During the conference, experts debated whether DCIS should be classified as cancer and whether it should be treated using radiation therapy.
Jennifer Marti, MD, from Weill Cornell Medical College in New York City, argued DCIS is a risk factor for cancer and not a cancer itself, with a risk of progression similar to that of other breast hyperplasias. Steven Narod, MD, from Women’s College Research Institute in Toronto, disagreed, claiming DCIS can occasionally produce tiny micrometastases, and the prevalence of recurrence in the opposite breast indicates a propensity for DCIS to spread. Moderator Laura Esserman, MD, MBA, of the University of California, San Francisco, brought the debaters to a consensus: They agreed that some DCIS cases should be defined and treated as cancer while others could be carefully monitored, and that new biomarkers are necessary to differentiate the two populations.

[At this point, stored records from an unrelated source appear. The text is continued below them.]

Lemma dotc_delta n (i : 'I_n) (u : 'cV[C]_n) :
  dotc (delta_mx i 0) u = u i 0.
Proof.
rewrite dotcE (bigD1 i) //= big1 => [|k ki]; rewrite !mxE ?eqxx /=.
  by rewrite conjC1 mul1r addr0.
by rewrite (negbTE ki) /= conjC0 mul0r.
Qed.

Lemma ketbra_delta n (i : 'I_n) : ketbra (delta_mx i 0) = delta_mx i i :> 'M[C]_n.
Proof.
by apply/matrixP => k l; rewrite ketbraE !mxE !andbT conjC_nat -natrM mulnb.
Qed.

Lemma sum_ketbra_delta n : \sum_(i < n) ketbra (delta_mx i 0) = 1%:M :> 'M[C]_n.
Proof. by rewrite mx1_sum_delta; apply: eq_bigr => i _; rewrite ketbra_delta. Qed.

End RankOne.

Section RacInputs.
Variable d : nat.

Definition rac_input (a b : 'I_d) : racX d := [ffun y => if y == ord0 then a else b].

Lemma rac_inputK (x : racX d) : rac_input (x ord0) (x ord_max) = x.
Proof. by apply/ffunP => -[[|[|//]] y_lt2]; rewrite ffunE /=; congr (x _); apply: val_inj. Qed.

Lemma sum_racX (V : nmodType) (F : racX d -> V) :
  \sum_x F x = \sum_a \sum_b F (rac_input a b).
Proof.
rewrite pair_big /= (reindex (fun p => rac_input p.1 p.2)) //.
by exists (fun x : racX d => (x ord0, x ord_max)) => [[a b] _|x _]; rewrite ?ffunE ?rac_inputK.
Qed.

Lemma card_racX : #|racX d| = (d ^ 2)%N.
Proof. by rewrite card_ffun !card_ord. Qed.

End RacInputs.

Section RacConstruction.
Variables (R : realType) (d : nat) (w : R[i]).
Hypothesis w_prim : d.-primitive_root w.
Local Notation C := R[i].

Definition mub_overlap : R := (Num.sqrt (d%:R : R))^-1.
Definition rac_scale : R := (Num.sqrt (2 + 2 * mub_overlap))^-1.
Local Notation s := mub_overlap.
Local Notation K := rac_scale.
Local Notation sC := (s%:C)%C.
Local Notation KC := (K%:C)%C.

Let d_gt0 : (0 < d)%N. Proof. exact: prim_order_gt0 w_prim. Qed.

Let mub_overlap_ge0 : 0 <= s. Proof. by rewrite invr_ge0 sqrtr_ge0. Qed.

Let rac_norm_gt0 : 0 < 2 + 2 * s. Proof. by rewrite ltr_wpDr ?mulr_ge0. Qed.

Let wX_neq0 k : w ^+ k != 0.
Proof. by rewrite expf_neq0 // (prim_root_eq0 w_prim) -lt0n. Qed.

Let conj_wX k : (w ^+ k)^* = (w ^+ k)^-1.
Proof. by rewrite rmorphXn /= (prim_root_conj w_prim) exprVn. Qed.

Let conj_wXV k : ((w ^+ k)^-1)^* = w ^+ k.
Proof. by rewrite fmorphV /= conj_wX invrK. Qed.

Lemma mub_overlapC_sqr : sC * sC * d%:R = 1.
Proof.
rewrite -(rmorph_nat (real_complex R)) -!rmorphM /= -expr2 exprVn.
by rewrite sqr_sqrtr ?ler0n // mulVf // pnatr_eq0 -lt0n.
Qed.

Lemma rac_scaleC_sqr : KC * KC * (2 + 2 * sC) = 1.
Proof.
rewrite -[2 : C](rmorph_nat (real_complex R)) -!rmorphM -rmorphD -!rmorphM /=.
by rewrite -expr2 exprVn sqr_sqrtr ?ltW // mulVf ?gt_eqF.
Qed.

Definition fourier_vec (b : 'I_d) : 'cV[C]_d := \col_k (sC * w ^+ (k * b)).

Definition rac_state (a b : 'I_d) : 'cV[C]_d :=
  KC *: (delta_mx a 0 + (w ^+ (a * b))^-1 *: fourier_vec b).

Lemma dotc_fourier b : dotc (fourier_vec b) (fourier_vec b) = 1.
Proof.
rewrite dotcE (eq_bigr (fun _ => sC * sC)) => [|k _].
  by rewrite sumr_const card_ord -[sC * sC *+ _]mulr_natr mub_overlapC_sqr.
by rewrite !mxE rmorphM /= conjC_real_complex conj_wX mulrACA mulVf // mulr1.
Qed.

Lemma dotc_delta_fourier a b : dotc (delta_mx a 0) (fourier_vec b) = sC * w ^+ (a * b).
Proof. by rewrite dotc_delta mxE. Qed.

Lemma dotc_delta_rac_state a b : dotc (delta_mx a 0) (rac_state a b) = KC * (1 + sC).
Proof.
rewrite dotcZr dotcDr dotcZr dotc_delta_fourier dotc_delta mxE eqxx /=.
by rewrite mulrCA mulVf // mulr1.
Qed.

Lemma dotc_fourier_rac_state a b :
  dotc (fourier_vec b) (rac_state a b) = KC * (1 + sC) / w ^+ (a * b).
Proof.
rewrite dotcZr dotcDr dotcZr dotc_fourier dotcC dotc_delta_fourier.
by rewrite rmorphM /= conjC_real_complex conj_wX; ring.
Qed.

Lemma dotc_rac_state a b : dotc (rac_state a b) (rac_state a b) = 1.
Proof.
rewrite /rac_state dotcZl dotcZr dotcDl !dotcDr !dotcZl !dotcZr dotc_fourier.
rewrite [dotc (fourier_vec b) _]dotcC !dotc_delta_fourier dotc_delta mxE eqxx /=.
rewrite !rmorphM /= !conjC_real_complex conj_wX conj_wXV.
by rewrite -[RHS]rac_scaleC_sqr; field; rewrite wX_neq0.
Qed.

Lemma rac_scale_sqr_overlap : (K * (1 + s)) ^+ 2 = (1 + s) / 2.
Proof.
by rewrite exprMn exprVn sqr_sqrtr ?ltW //; field; rewrite gt_eqF.
Qed.

Lemma born_rac_state_delta a b :
  born (ketbra (rac_state a b)) (ketbra (delta_mx a 0)) = (1 + s) / 2.
Proof.
rewrite /born tr_ketbraM dotc_delta_rac_state.
have -> : KC * (1 + sC) = (K * (1 + s))%:C%C by rewrite rmorphM rmorphD rmorph1.
by rewrite conjC_real_complex -rmorphM -expr2 rac_scale_sqr_overlap.
Qed.

Lemma born_rac_state_fourier a b :
  born (ketbra (rac_state a b)) (ketbra (fourier_vec b)) = (1 + s) / 2.
Proof.
rewrite /born tr_ketbraM dotc_fourier_rac_state rmorphM /= conj_wXV mulrACA mulVf //.
have -> : KC * (1 + sC) = (K * (1 + s))%:C%C by rewrite rmorphM rmorphD rmorph1.
by rewrite mulr1 conjC_real_complex -rmorphM -expr2 rac_scale_sqr_overlap.
Qed.

Lemma sum_ketbra_fourier : \sum_b ketbra (fourier_vec b) = 1%:M.
Proof.
apply/matrixP => k l; rewrite summxE.
transitivity (sC * sC * \sum_(b < d) (w ^+ k / w ^+ l) ^+ b).
  rewrite mulr_sumr; apply: eq_bigr => b _.
  rewrite ketbraE !mxE rmorphM /= conjC_real_complex conj_wX expr_div_n -!exprM.
  by rewrite [(k * b)%N]mulnC [(l * b)%N]mulnC; ring.
by rewrite sum_prim_root_ratio // !mxE mulrCA mub_overlapC_sqr mulr1.
Qed.

Lemma rac_stateE a b k : rac_state a b k 0 = KC * ((k == a)%:R + sC * (w ^+ k / w ^+ a) ^+ b).
Proof.
rewrite !mxE andbT expr_div_n -!exprM [(k * b)%N]mulnC [(a * b)%N]mulnC.
by congr (_ * (_ + _)); ring.
Qed.

Lemma ketbra_rac_stateE a b k l : ketbra (rac_state a b) k l =
  KC * KC * ((a == k)%:R * (a == l)%:R + (a == k)%:R * (sC * (w ^+ a / w ^+ l) ^+ b)
    + (a == l)%:R * (sC * (w ^+ k / w ^+ a) ^+ b) + sC * sC * (w ^+ k / w ^+ l) ^+ b).
Proof.
rewrite ketbraE !rac_stateE (eq_sym k) (eq_sym l) rmorphM rmorphD rmorphM /=.
rewrite !conjC_real_complex conjC_nat.
rewrite rmorphXn rmorphM /= conj_wX conj_wXV.
have -> : (w ^+ k / w ^+ l) ^+ b = (w ^+ k / w ^+ a) ^+ b * (w ^+ a / w ^+ l) ^+ b.
  by rewrite -exprMn mulrA divfK.
by rewrite [(w ^+ l)^-1 * _]mulrC; ring.
Qed.

Lemma sum_ketbra_rac_state :
  \sum_a \sum_b ketbra (rac_state a b) = (d%:R)%:C%C *: 1%:M.
Proof.
apply/matrixP => k l; rewrite summxE; under eq_bigr do rewrite summxE.
rewrite exchange_big /=.
have sum_a b : \sum_a ketbra (rac_state a b) k l =
    KC * KC * ((k == l)%:R + (2 + d%:R * sC) * sC * (w ^+ k / w ^+ l) ^+ b).
  under eq_bigr do rewrite ketbra_rac_stateE.
  rewrite -mulr_sumr !big_split /= !sum_eq_natr_mul sumr_const card_ord.
  by rewrite -[_ *+ d]mulr_natr; ring.
under eq_bigr do rewrite sum_a.
rewrite -mulr_sumr big_split /= sumr_const card_ord -mulr_sumr sum_prim_root_ratio //.
rewrite !mxE rmorph_nat -[_ *+ d]mulr_natr.
transitivity ((k == l)%:R * d%:R * (KC * KC * (1 + 2 * sC + sC * sC * d%:R))); first ring.
have -> : 1 + 2 * sC + sC * sC * d%:R = 2 + 2 * sC by rewrite mub_overlapC_sqr; ring.
by rewrite rac_scaleC_sqr mulr1 mulrC.
Qed.

Definition rac_rho (x : racX d) : 'M[C]_d := ketbra (rac_state (x ord0) (x ord_max)).

Definition rac_meas (y : 'I_2) (z : 'I_d) : 'M[C]_d :=
  if y == ord0 then ketbra (delta_mx z 0) else ketbra (fourier_vec z).

Lemma rac_rho_density x : density (rac_rho x).
Proof. by split; [exact: psd_ketbra | rewrite tr_ketbra dotc_rac_state]. Qed.

Lemma rac_meas_povm y : povm (rac_meas y).
Proof.
rewrite /rac_meas; case: (y == ord0); split=> [z|]; try exact: psd_ketbra.
  exact: sum_ketbra_delta.
exact: sum_ketbra_fourier.
Qed.

Lemma rac_success_quantum : rac_success (qprob rac_rho rac_meas) = Sstar R d.
Proof.
rewrite /rac_success /qprob.
under eq_bigr do rewrite sumr_ord2 /rac_rho /rac_meas /= born_rac_state_delta born_rac_state_fourier.
rewrite sumr_const card_racX /Sstar -/mub_overlap -[(_ + _) *+ _]mulr_natr natrM natrX.
by field; rewrite pnatr_eq0 -lt0n.
Qed.

Lemma rac_is_DQ : is_DQ rac_rho (d%:R)^-1.
Proof.
apply: (@is_DQ_tight_frame R d (racX d) (fun x => rac_state (x ord0) (x ord_max)) d%:R).
- exact: d_gt0.
- by rewrite ltr0n.
- by move=> x; exact: dotc_rac_state.
rewrite sum_racX -sum_ketbra_rac_state.
by apply: eq_bigr => a _; apply: eq_bigr => b _; rewrite !ffunE.
Qed.

End RacConstruction.

Section ClassicalBound.
Variables (R : realType) (d : nat).

Lemma le1_sum_eq1 (I : finType) (u : I -> R) i :
  (forall j, 0 <= u j) -> \sum_j u j = 1 -> u i <= 1.
Proof. by move=> u_ge0 <-; rewrite (bigD1 i) //= lerDl sumr_ge0. Qed.

Lemma decoding_gain_le (q : racX d -> R) (u v : 'I_d -> R) :
  (forall x, 0 <= q x) ->
  (forall i, 0 <= u i) -> \sum_i u i = 1 -> (forall j, 0 <= v j) -> \sum_j v j = 1 ->
  \sum_x q x * (u (x ord0) + v (x ord_max)) <= \sum_x q x + \big[Num.max/0]_x q x.
Proof.
move=> q_ge0 u_ge0 u_sum1 v_ge0 v_sum1.
have uv_sum1 : \sum_(x : racX d) u (x ord0) * v (x ord_max) = 1.
  rewrite sum_racX -[1]mulr1 -{1}u_sum1 -v_sum1 big_distrlr /=.
  by apply: eq_bigr => i _; apply: eq_bigr => j _; rewrite !ffunE.
apply: (@le_trans _ _ (\sum_x (q x + \big[Num.max/0]_x' q x' * (u (x ord0) * v (x ord_max))))).
  apply: ler_sum => x _; set a := u (x ord0); set b := v (x ord_max).
  have gain : a + b <= 1 + a * b.
    have : 0 <= (1 - a) * (1 - b) by rewrite mulr_ge0 // subr_ge0 le1_sum_eq1.
    nra.
  apply: (le_trans (ler_wpM2l (q_ge0 x) gain)).
  by rewrite mulrDr mulr1 lerD2l ler_wpM2r ?mulr_ge0 ?u_ge0 ?v_ge0 //; exact: le_bigmax.
by rewrite big_split /= -mulr_sumr uv_sum1 mulr1.
Qed.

In the other debate, Bruce Mann, MBBS, PhD, from the Royal Melbourne Hospital in Australia, claimed radiotherapy is not necessary for patients with DCIS because the risk of harmful side effects greatly outweighs the potential benefits. Nicolas Prionas, MD, PhD, from the University of California, San Francisco, argued newer radiotherapy techniques can minimize exposure to healthy tissue, thereby shifting the balance between benefit and risk. The two agreed that the risk-benefit analysis may be different for each patient and that some patients would benefit from radiation more than others. Dr. Mann and Dr. Prionas also agreed new biomarkers are crucial to determine who will benefit most.
Adolescent and Young Adult Leukemia Survivors May Have Higher Mortality Rates Than the General Population
A study published in the AACR journal Cancer Epidemiology, Biomarkers & Prevention showed adolescent and young adult (AYA) survivors of acute myeloid leukemia (AML) and acute lymphoblastic leukemia (ALL) may have higher mortality rates than the general population, decades after their diagnosis.
Michael Roth, MD, from the University of Texas MD Anderson Cancer Center in Houston, and colleagues used the Surveillance, Epidemiology, and End Results (SEER) database to analyze mortality patterns in 1,938 ALL survivors and 2,350 AML survivors from 1975 to 2011 and compared them with a U.S. national cohort obtained from the National Vital Statistics Report.
The researchers found the 10-year survival of AYA leukemia survivors was approximately 10 percent lower than that of the age-adjusted U.S. general population, and the differences persisted for up to 30 years of follow-up. Leukemia remained the most common cause of death in the early survivorship period. “Some of these patients aren’t being fully cured of their initial cancer, so between five and 10 years post-initial diagnosis, most of the deaths are due to disease progression or relapse, whereas after that, most of the deaths result from late side effects from treatment, including cardiovascular disease and secondary cancers,” Dr. Roth said.
Older age at diagnosis correlated with worse long-term survival outcomes, with each additional year at diagnosis associated with a 6 percent and 5 percent decrease in long-term survival for ALL and AML survivors, respectively. Patients’ sex was associated with long-term outcomes only for AML survivors, with males surviving only 61 percent as long as females. Among survivors of ALL, Asian or Pacific Islanders had longer survival than Hispanics.
The researchers found long-term survival in AYA improved in more recent decades of diagnosis, as the life span of individuals diagnosed in the 1990s and 2000s was more than twice as long as that of individuals diagnosed in the 1980s. This was likely due to treatment advances leading to improved cure rates with lower toxicities and better supportive care. However, there was no further improvement in long-term survival for patients diagnosed in the 2000s compared with those diagnosed in the 1990s for either ALL or AML.